We can analyse this by looking at all the skip chains the non-rule followers will likely build. For any given length L, this can happen for chains where

• Both the first and the last producer are in the fraction f (the first needs to be to “get ahead” of the chain, the last needs to be in order to build a chain of length L
• For all prefix segments of the chain, at least 50% of the producers are in the fraction f (because using this rule, they will not follow chains that have more than 50% of skips for fear of running the main chain. The “attack” is not coordinated, so this has to apply to all prefix chains).

This does not turn out to be accessible to a direct analytic solution, but I wrote a little python program to simulate it (see below).

As we can see, up to a fraction of f<0.2, it seems to be enough to consider chains up to length 10. If we take 1% as the percentage at which a loss becomes economically relevant to the rule-following nodes, this would be reached when around f\approx 0.15 of the nodes implemented the new rule. Then we would probably see more nodes breaking away and following the new rule.

from collections import defaultdict
import matplotlib.pyplot as plt
import numpy as np

def iterate_all_chains(max_length):
    for l in range(1, max_length + 1):
        for i in range(0, 2 ** l):
            yield ("{0:0" + str(l) + "b}").format(i)

def greater_equal_half_ones(chain):
    number_of_ones = len(filter(lambda c: c == "1", chain))
    return 2 * number_of_ones >= len(chain)

def iterate_all_valid_skip_chains(max_length):
    for chain in iterate_all_chains(max_length):
        if chain[0] == "1" and chain[-1] == "1":
            if all(greater_equal_half_ones(chain[:i]) for i in range(len(chain))):
                yield chain

def skip_chain_probabilities(f, max_length):
    ret = defaultdict(float)
    for chain in iterate_all_valid_skip_chains(max_length):
        number_of_ones = len(filter(lambda c: c == "1", chain))
        number_of_zeros = len(chain) - number_of_ones
        p = f ** number_of_ones * (1 - f) ** number_of_zeros
        ret[(len(chain), number_of_zeros)] += p
    return ret

def skip_chain_expected_loss(f, max_length):
    probabilities = skip_chain_probabilities(f, max_length)
    ret = 0
    for k, p in probabilities.items():
        l, skips = k
        ret += p * skips / l
    return ret

x = np.arange(0,0.2,0.01)
y = [skip_chain_expected_loss(f, 10) for f in x]
y2 = [skip_chain_expected_loss(f, 15) for f in x]
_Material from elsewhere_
(* Let $\mathcal Q$ be a quantaloid and $\Phi:\mathcal E\to\mathcal D$ a $\mathcal Q$-distributor. A $\mathcal Q$-category $\mathcal C$ is equivalent to the Isbell $\mathcal Q$-category $\mathsf I\Phi$ if and only if $\mathcal C$ is total and there are $\mathcal Q$-functors $F:\mathcal E\to\mathcal C$ and $G:\mathcal D\to\mathcal C$ such that (1) $\Phi(X,Y)=\mathcal C(FX,GY)$ for all $X\in\mathrm{ob}\,\mathcal E$, $Y\in\mathrm{ob}\,\mathcal D$; (2) $F$ is dense; (3) $G$ is codense.
   Context: A quantaloid is a category whose hom-sets are complete lattices with composition preserving joins in each variable; $v\le w\swarrow u\iff v\circ u\le w$ and $u\le v\searrow w\iff v\circ u\le w$. A $\mathcal Q$-category: objects with extents $|X|$ and arrows $\mathcal E(X,Y):|X|\to|Y|$ with $1_{|X|}\le\mathcal E(X,X)$, $\mathcal E(Y,Z)\circ\mathcal E(X,Y)\le\mathcal E(X,Z)$; $\mathcal Q$-functors: $|FX|=|X|$, $\mathcal E(X,Y)\le\mathcal C(FX,FY)$. $X\cong Y$ iff $|X|=|Y|$, $1\le\mathcal C(X,Y)$, $1\le\mathcal C(Y,X)$; an equivalence is a $\mathcal Q$-functor that is fully faithful and surjective up to isomorphism. Presheaves of extent $T$: $\varphi_X:|X|\to T$ with $\varphi_X\circ\mathcal E(X',X)\le\varphi_{X'}$, forming $\mathsf P\mathcal E$ with $\mathsf P\mathcal E(\varphi,\psi)=\bigwedge_X\psi_X\swarrow\varphi_X$; covariant presheaves of extent $T$: $\psi_Y:T\to|Y|$ with $\mathcal D(Y,Y')\circ\psi_Y\le\psi_{Y'}$, forming $\mathsf P^\dagger\mathcal D$ with $\mathsf P^\dagger\mathcal D(\psi,\psi')=\bigwedge_Y\psi'_Y\searrow\psi_Y$. $\mathcal C$ is total if the Yoneda functor $Z\mapsto\mathcal C(-,Z)$ has a left adjoint ($F\dashv G$ iff $\mathcal C(FX,Y)=\mathcal E(X,GY)$). For $\varphi\in\mathsf P\mathcal E$, the weighted colimit $\varphi\star F$ is an object $Z$ with $|Z|=|\varphi|$ and $\mathcal C(Z,W)=\bigwedge_X\mathcal C(FX,W)\swarrow\varphi_X$ for all $W$; $F$ is dense if every object of $\mathcal C$ is isomorphic to $\varphi\star F$ for some $\varphi$. For a covariant presheaf $\psi$ on $\mathcal D$ of extent $T$, the weighted limit of $G$ by $\psi$ is $Z$ with $|Z|=T$ and $\mathcal C(W,Z)=\bigwedge_Y\psi_Y\searrow\mathcal C(W,GY)$ for all $W$; $G$ is codense if every object of $\mathcal C$ is isomorphic to such a weighted limit. A $\mathcal Q$-distributor $\Phi:\mathcal E\to\mathcal D$ is a family $\Phi(X,Y):|X|\to|Y|$ with $\mathcal D(Y,Y')\circ\Phi(X,Y)\circ\mathcal E(X',X)\le\Phi(X',Y')$; $\Phi_\uparrow:\mathsf P\mathcal E\to\mathsf P^\dagger\mathcal D$, $(\Phi_\uparrow\varphi)_Y=\bigwedge_X\Phi(X,Y)\swarrow\varphi_X$; $\Phi^\downarrow:\mathsf P^\dagger\mathcal D\to\mathsf P\mathcal E$, $(\Phi^\downarrow\psi)_X=\bigwedge_Y\psi_Y\searrow\Phi(X,Y)$; $\mathsf I\Phi$ is the full $\mathcal Q$-subcategory of $\mathsf P\mathcal E$ on those $\varphi$ with $\Phi^\downarrow\Phi_\uparrow\varphi=\varphi$. *)

From Stdlib Require Import ssreflect.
plt.plot(x,y, label="Expected loss maxlen=10")
plt.plot(x,y2, label="Expected loss maxlen=15")
plt.legend()
plt.show()

In summary, this probably means the timestamp rule as suggested a saddle point rather than a stable equilibrium for the pure RANDAO.

What about attestation-based Casper FFG, where the chain alternates between blocks and attestations approving them, using something like GHOST as a fork choice rule?
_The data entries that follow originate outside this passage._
Lemma dim_lker_row_free m (M : 'M[F]_(m, k)) :
  row_free M -> (\dim (lker (linfun (mulmxr M^T) : 'Hom('rV_k, 'rV_m))) + m = k)%N.
Proof.
move=> freeM; set h := linfun _.
have imh : limg h = fullv.
  apply/eqP; rewrite eqEsubv subvf /=; apply/subvP => y _.
  have [x <-] := row_free_tr_surj freeM y.
  by rewrite -[_ *m _]/(mulmxr M^T x) -lfunE memv_img ?memvf.
have := limg_ker_dim h fullv.
by rewrite capfv imh !dim_rV.
Qed.

End Dot.

Lemma F3_cases (x : 'F_3) : [\/ x = 0, x = 1 | x = -1].
Proof.
by case: x => [[|[|[|m]]] ltx] //; [constructor 1 | constructor 2 | constructor 3];
  apply: val_inj.
Qed.

Lemma F3_sqr_add_eq0 (a b : 'F_3) : (a ^+ 2 + b ^+ 2 == 0) = (a == 0) && (b == 0).
Proof. by case: (F3_cases a) => ->; case: (F3_cases b) => ->. Qed.

Lemma F3_unit_sign (s t : 'F_3) : s != 0 -> t != 0 -> s = t \/ s = - t.
Proof.
by case: (F3_cases s) => ->; case: (F3_cases t) => -> // _ _;
  [left | right | right | left]; apply: val_inj.
Qed.

Lemma F3_set_addsub (s t : 'F_3) : t != 0 -> [set s; s + t; s - t] = [set: 'F_3].
Proof.
move=> t0; apply/setP => x; rewrite !inE.
by case: (F3_cases s) t0 => ->; case: (F3_cases t) => -> //; case: (F3_cases x) => ->.
Qed.

Lemma F3_set0_opp (p q : 'F_3) : [set 0; p; q] = [set: 'F_3] -> p != 0 /\ q = - p.
Proof.
move/setP => full; have cover x : (x == 0) || (x == p) || (x == q).
  by have := full x; rewrite !inE.
move: (cover 1) (cover (-1)).
by case: (F3_cases p) => ->; case: (F3_cases q) => ->; rewrite ?opprK.
Qed.

Section F3Lmod.
Variable V : lmodType 'F_3.
Implicit Types v : V.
I have an intuition that because there are so many actors participating all at once, there’s no gain to making a block earlier unless you can get an entire committee to collude with you, suggesting ~33-50% robustness, but would be good to check this.
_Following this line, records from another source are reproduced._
(* Let $p\in(1,5)$ and consider the third-order ordinary differential equation $\mathcal{L}u=0$ on $\mathbb{R}$, where $\mathcal{L}=\partial_x(-\partial_x^2+1-p\,\phi^{p-1})$. Its space of solutions is spanned by $\{\phi',h_2,h_3\}$, where $h_2,h_3$ are even functions satisfying $\lim_{x\to+\infty}h_2(x)=1$ and $\lim_{x\to+\infty}h_3(x)=\infty$. In particular, there is no solution $u$ of $\mathcal{L}u=0$ with $\lim_{x\to-\infty}u(x)=1$ and $\lim_{x\to+\infty}|u(x)|=\infty$.
   Context: $\phi(x)=\left(\frac{p+1}{2}\right)^{\frac1{p-1}}\mathrm{sech}^{\frac2{p-1}}\left(\frac{p-1}2x\right)$. *)

From Stdlib Require Import Reals.
From Coquelicot Require Import Coquelicot.
Open Scope R_scope.

Definition sech (x : R) : R := / cosh x.

Definition phi (p x : R) : R :=
  Rpower ((p + 1) / 2) (1 / (p - 1)) *
  Rpower (sech ((p - 1) / 2 * x)) (2 / (p - 1)).

Definition Linner (p : R) (u : R -> R) (x : R) : R :=
  - Derive (Derive u) x + u x - p * Rpower (phi p x) (p - 1) * u x.

Definition is_sol (p : R) (u : R -> R) : Prop :=
  (forall x, ex_derive u x /\ ex_derive (Derive u) x) /\
  (forall x, is_derive (Linner p u) x 0).

(* Put b = (p - 1) / 2 and w(x) = cosh(b x)^(1/b) ([cpow]), so that w' = tanh(b x) w, phi = A / w
   with A = ((p + 1) / 2)^(1/(p - 1)) ([amp p]), and the potential is
   q = 1 - p phi^(p-1) = 1 - (2b + 1)(b + 1)(1 - tanh(b x)^2).
   L u = 0 says that -u'' + q u is a constant k.  The functions
     y1 = tanh(b x) / w  (= -phi' / A),
     h3 = (b + 2) y1 (int_0^x w^2) - w,   h2 = ((b + 1) y1 (int_0^x w) - 1) / b
   satisfy y1'' = q y1, h3'' = q h3 and -h2'' + q h2 = 1, as one checks by differentiating.
   Hence u - k h2 solves the homogeneous equation, and as the Wronskian of y1 and h3 is b <> 0,
   u is a combination of y1, h2 and h3.  By L'Hopital, (int_0^x w) / w -> 1 and
   (int_0^x w^2) / w^2 -> 1/2, so h2 -> 1 and h3 ~ (b/2) w -> +oo; y1 is odd, h2 and h3 even.
   If a y1 + k h2 + c h3 has a finite limit at -oo, reflecting x shows that c = 0 (otherwise h3
   would converge at +oo), so the limit is k at both ends: a solution tending to 1 at -oo tends
   to 1 at +oo. *)

From Stdlib Require Import Reals Lra.
From Coquelicot Require Import Coquelicot.
Open Scope R_scope.

Lemma is_derive_0_constant (f : R -> R) :
  (forall x, is_derive f x 0) -> constant f.
Proof.
  intro Hf.
  pose (pr := fun x => exist _ 0 (proj1 (is_derive_Reals f x 0) (Hf x)) : derivable_pt f x).
  apply (null_derivative_1 f pr); intro x.
  apply derive_pt_eq_0, is_derive_Reals, Hf.
Qed.

Lemma is_derive_Rmult (f g : R -> R) (x df dg : R) :
  is_derive f x df -> is_derive g x dg ->
  is_derive (fun t => f t * g t) x (df * g x + f x * dg).
Proof. intros; apply (is_derive_mult f g); auto; intros; apply Rmult_comm. Qed.

Lemma is_derive_pos_le (k dk : R -> R) (M : R) :
  (forall x, is_derive k x (dk x)) -> (forall x, M <= x -> 0 < dk x) ->
  forall x, M <= x -> k M <= k x.
Proof.
  intros Hk Hpos x [HMx | <-]; [| apply Rle_refl].
  left; apply (incr_function_le k M p_infty dk); simpl; auto.
  - intros y HMy _; apply Hpos, HMy.
  - apply Rle_refl.
Qed.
Do you mean the scheme defined in [Attestation committee based full PoS chains, version 2]?

Yes. At least, that’s one of the possible schemes.

For the attestation committee case, we can first look at the probability that a fraction f can produce a block, for which they need SSize/2 attestations of the parent block.
Assuming that SSize is large (\approx 100 - 1000), this probability is sigmoid-like in the number of attesters available in the fraction f:

• After 0 skips, the probability is \approx 0 for f<1/2, \approx 1 for f>1/2
• After 1 skips, the probability is \approx 0 for f<1/4, \approx 1 for f>1/4
• After 2 skips, the probability is \approx 0 for f<1/6, \approx 1 for f>1/6
• After 3 skips, the probability \approx 0 for f<1/8, \approx 1 for f>1/6

and so on. So to produce blocks after s skips, the fraction implementing the new rule must be greater than 1/(2s). If it is smaller than that, the probability of being able to produce a valid block will be very close to zero; however, producing a valid block is not enough, it will also have to be accepted as the main chain.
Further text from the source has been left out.